Thousands Take to West Bank Streets to Support Abbas
إقرأ هذا الخبر بالعربيةThousands of Palestinians took to the streets of West Bank cities Monday in support of President Mahmud Abbas's visit to Washington for talks with Barack Obama on the peace process with Israel.
Demonstrators waved the Palestinian national flag as well as that of Abbas's Fatah party, chanting "we are with you, president!" as Abbas was to weigh up an anticipated U.S. request to extend the faltering negotiations with Israel.
"We're here today to stand up to pressures upon us and make sure president Abbas adheres to his convictions," said Nasser Eddin al-Shaer -- former Palestinian education minister and member of Fatah's Islamist rivals Hamas -- who joined a 5,000-strong rally in the northern West Bank city of Nablus.
Some 1,500 people turned out in the West Bank administrative center of Ramallah, and more than 1,000 in the southern flashpoint city of Hebron.
Abbas was to meet President Obama in Washington on Monday, having traveled to the U.S. nearly a fortnight after Israel's Prime Minister Benjamin Netanyahu did the same, and as an April 29 deadline for the nine-month negotiations loomed.
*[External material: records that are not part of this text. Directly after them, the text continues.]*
Fixpoint fold_prefix (step : nat -> nat -> nat) (w k : nat) : nat :=
  match k with
  | 0 => 0
  | S k' => ifz (word_drop k' w) (fold_prefix step w k')
              (step (fold_prefix step w k') (word_hd (word_drop k' w)))
  end.

(* A word coded by [w] has at most [w] letters, so [w] steps suffice. *)
Definition word_fold (step : nat -> nat -> nat) (w : nat) : nat := fold_prefix step w w.

Lemma recursive1_word_fold step : recursive2 step -> recursive1 (word_fold step).
Proof.
  intros Hs.
  assert (Hf : recursive2 (fun k w => fold_prefix step w k)).
  { apply (recursive2_by_recursion (fun k w => fold_prefix step w k) (fun _ => 0)
      (fun k a w => ifz (word_drop k w) a (step a (word_hd (word_drop k w))))); auto;
      recursive_auto. }
  unfold word_fold. eapply recursive_ext.
  { apply (recursive_comp2 1 (fun k w => fold_prefix step w k) (fun v => v#0) (fun v => v#0));
      auto; recursive_auto. }
  reflexivity.
Qed.

#[export] Hint Extern 1 (recursive1 (word_fold _)) =>
  apply recursive1_word_fold; recursive_auto : recursive.

Lemma fold_prefix_spec step l k :
  k <= length l -> fold_prefix step (enc_word l) k = fold_left step (firstn k l) 0.
Proof.
  induction k; intros H; [reflexivity|]. cbn [fold_prefix].
  rewrite IHk, word_drop_enc by lia.
  destruct (skipn k l) as [|x r] eqn:E.
  - apply (f_equal (@length nat)) in E. rewrite length_skipn in E. simpl in E. lia.
  - change (ifz (enc_word (x :: r)) ?a ?b) with b. rewrite word_hd_enc.
    assert (F : firstn (S k) l = firstn k l ++ [x]).
    { rewrite <- (firstn_skipn k l) at 1. rewrite E, firstn_app, length_firstn, firstn_firstn.
      replace (S k - Nat.min k (length l)) with 1 by lia.
      replace (Nat.min (S k) k) with k by lia. reflexivity. }
    rewrite F, fold_left_app. reflexivity.
Qed.

Lemma word_fold_spec step l : word_fold step (enc_word l) = fold_left step l 0.
Proof.
  assert (Hk : forall k, length l <= k -> fold_prefix step (enc_word l) k = fold_left step l 0).
  { induction 1 as [|k H IH].
    - rewrite fold_prefix_spec, firstn_all; auto.
    - simpl. rewrite IH, word_drop_enc, skipn_all2 by lia. reflexivity. }
  apply Hk, length_le_enc_word.
Qed.

Definition word_rev : nat -> nat := word_fold (fun acc x => word_cons x acc).

Lemma recursive1_word_rev : recursive1 word_rev.
Proof. unfold word_rev. recursive_auto. Qed.

#[export] Hint Resolve recursive1_word_rev : recursive.

Lemma word_rev_enc l : word_rev (enc_word l) = enc_word (rev l).
Proof.
  unfold word_rev. rewrite word_fold_spec.
  change 0 with (enc_word []). rewrite <- (app_nil_r (rev l)).
  generalize (@nil nat). induction l as [|x l IH]; intros a; simpl; auto.
  rewrite <- app_assoc. apply (IH (x :: a)).
Qed.

Lemma fold_left_rev_flip (f : nat -> nat -> nat) l a :
  fold_left f (rev l) a = fold_right (fun x y => f y x) a l.
Proof.
  revert a. induction l; intros a0; simpl; auto. rewrite fold_left_app. simpl. rewrite IHl. auto.
Qed.

Definition word_map_S (w : nat) : nat := word_fold (fun acc x => word_cons (S x) acc) (word_rev w).

Lemma recursive1_word_map_S : recursive1 word_map_S.
Proof.
  unfold word_map_S. recursive_auto.
Qed.

Lemma word_map_S_enc l : word_map_S (enc_word l) = enc_word (map S l).
Proof.
  unfold word_map_S. rewrite word_rev_enc, word_fold_spec, fold_left_rev_flip.
  induction l; simpl; auto. rewrite IHl. reflexivity.
Qed.

Fixpoint list_minus1 (l : list nat) : list nat :=
  match l with
  | [] => []
  | 0 :: l' => list_minus1 l'
  | S y :: l' => y :: list_minus1 l'
  end.

Definition word_minus1 (w : nat) : nat :=
  word_fold (fun acc x => ifz x acc (word_cons (pred x) acc)) (word_rev w).

Lemma recursive1_word_minus1 : recursive1 word_minus1.
Proof.
  unfold word_minus1. recursive_auto.
Qed.

Lemma word_minus1_enc l : word_minus1 (enc_word l) = enc_word (list_minus1 l).
Proof.
  unfold word_minus1. rewrite word_rev_enc, word_fold_spec, fold_left_rev_flip.
  induction l as [|[|x] l IH]; simpl; auto. rewrite IH. reflexivity.
Qed.

Definition word_dropr (k w : nat) : nat := word_rev (word_drop k (word_rev w)).

Lemma recursive2_word_dropr : recursive2 word_dropr.
Proof. unfold word_dropr. recursive_auto. Qed.

#[export] Hint Resolve recursive2_word_dropr : recursive.

Lemma length_prefix p m : length (prefix p m) = m.
Proof. unfold prefix. rewrite length_map, length_seq. auto. Qed.

Lemma firstn_prefix p m k : k <= m -> firstn k (prefix p m) = prefix p k.
Proof.
  intros H. unfold prefix. rewrite firstn_map. f_equal.
  replace m with (k + (m - k)) by lia. rewrite seq_app, firstn_app, length_seq, Nat.sub_diag.
  simpl. rewrite app_nil_r. apply firstn_all2. rewrite length_seq; auto.
Qed.

Lemma word_dropr_prefix p m k : word_dropr k (enc_word (prefix p m)) = enc_word (prefix p (m - k)).
Proof.
  unfold word_dropr. rewrite word_rev_enc, word_drop_enc, word_rev_enc, skipn_rev, rev_involutive.
  rewrite length_prefix, firstn_prefix; auto. lia.
Qed.

Definition plus1 (p : Baire) : Baire := fun n => S (p n).

Lemma prefix_plus1 p m : prefix (plus1 p) m = map S (prefix p m).
Proof. unfold prefix. rewrite map_map. reflexivity. Qed.

Lemma nz_count_mono r a b : a <= b -> nz_count r a <= nz_count r b.
Proof. induction 1; simpl; lia. Qed.

Lemma nz_count_S r n : r n <> 0 -> nz_count r (S n) = S (nz_count r n).
Proof. intros H. simpl. destruct (Nat.eqb_spec (r n) 0); lia. Qed.

Lemma nz_count_inj r n1 n2 : r n1 <> 0 -> r n2 <> 0 -> nz_count r n1 = nz_count r n2 -> n1 = n2.
Proof.
  intros H1 H2 E. destruct (lt_eq_lt_dec n1 n2) as [[L|]|L]; auto.
  - pose proof (nz_count_mono r (S n1) n2 L). rewrite nz_count_S in H; auto. lia.
  - pose proof (nz_count_mono r (S n2) n1 L). rewrite nz_count_S in H; auto. lia.
Qed.

Lemma minus1_at r q j : minus1 r q -> r j <> 0 -> r j = S (q (nz_count r j)).
Proof.
  intros M H. destruct (M (nz_count r j)) as [n [A B]].
  assert (n = j) by (apply nz_count_inj with r; auto; lia). subst; auto.
Qed.

Lemma minus1_functional r q1 q2 : minus1 r q1 -> minus1 r q2 -> q1 = q2.
Proof.
  intros M1 M2. apply functional_extensionality. intros k. destruct (M1 k) as [n [A B]].
  pose proof (minus1_at r q2 n M2) as C. rewrite A, B in C. specialize (C ltac:(lia)). lia.
Qed.

Lemma minus1_plus1 q : minus1 (plus1 q) q.
Proof.
  intros k. exists k. split; auto. unfold plus1.
  induction k; simpl; auto. rewrite IHk. simpl. lia.
Qed.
Palestinian and Israeli leaders have been unable to move the talks forward since U.S. Secretary of State John Kerry kick-started them at the end of July after intense efforts to bring the sides back to the table following a three-year freeze.
Bitter recriminations have taken precedent, with the two sides refusing to budge on key issues such as the borders of a future Palestinian state, security arrangements in the West Bank, the fate of Palestinian refugees and the final status of Jerusalem, claimed by both sides as a capital.
The U.S. is to propose a framework on which to base final status talks and has been calling for an extension of negotiations pending agreement by both sides on that framework.
Israel has recently kicked up a new obstacle to ending the decades-long conflict, demanding Palestinian recognition of it as a Jewish state, which Palestinian leaders have categorically rejected.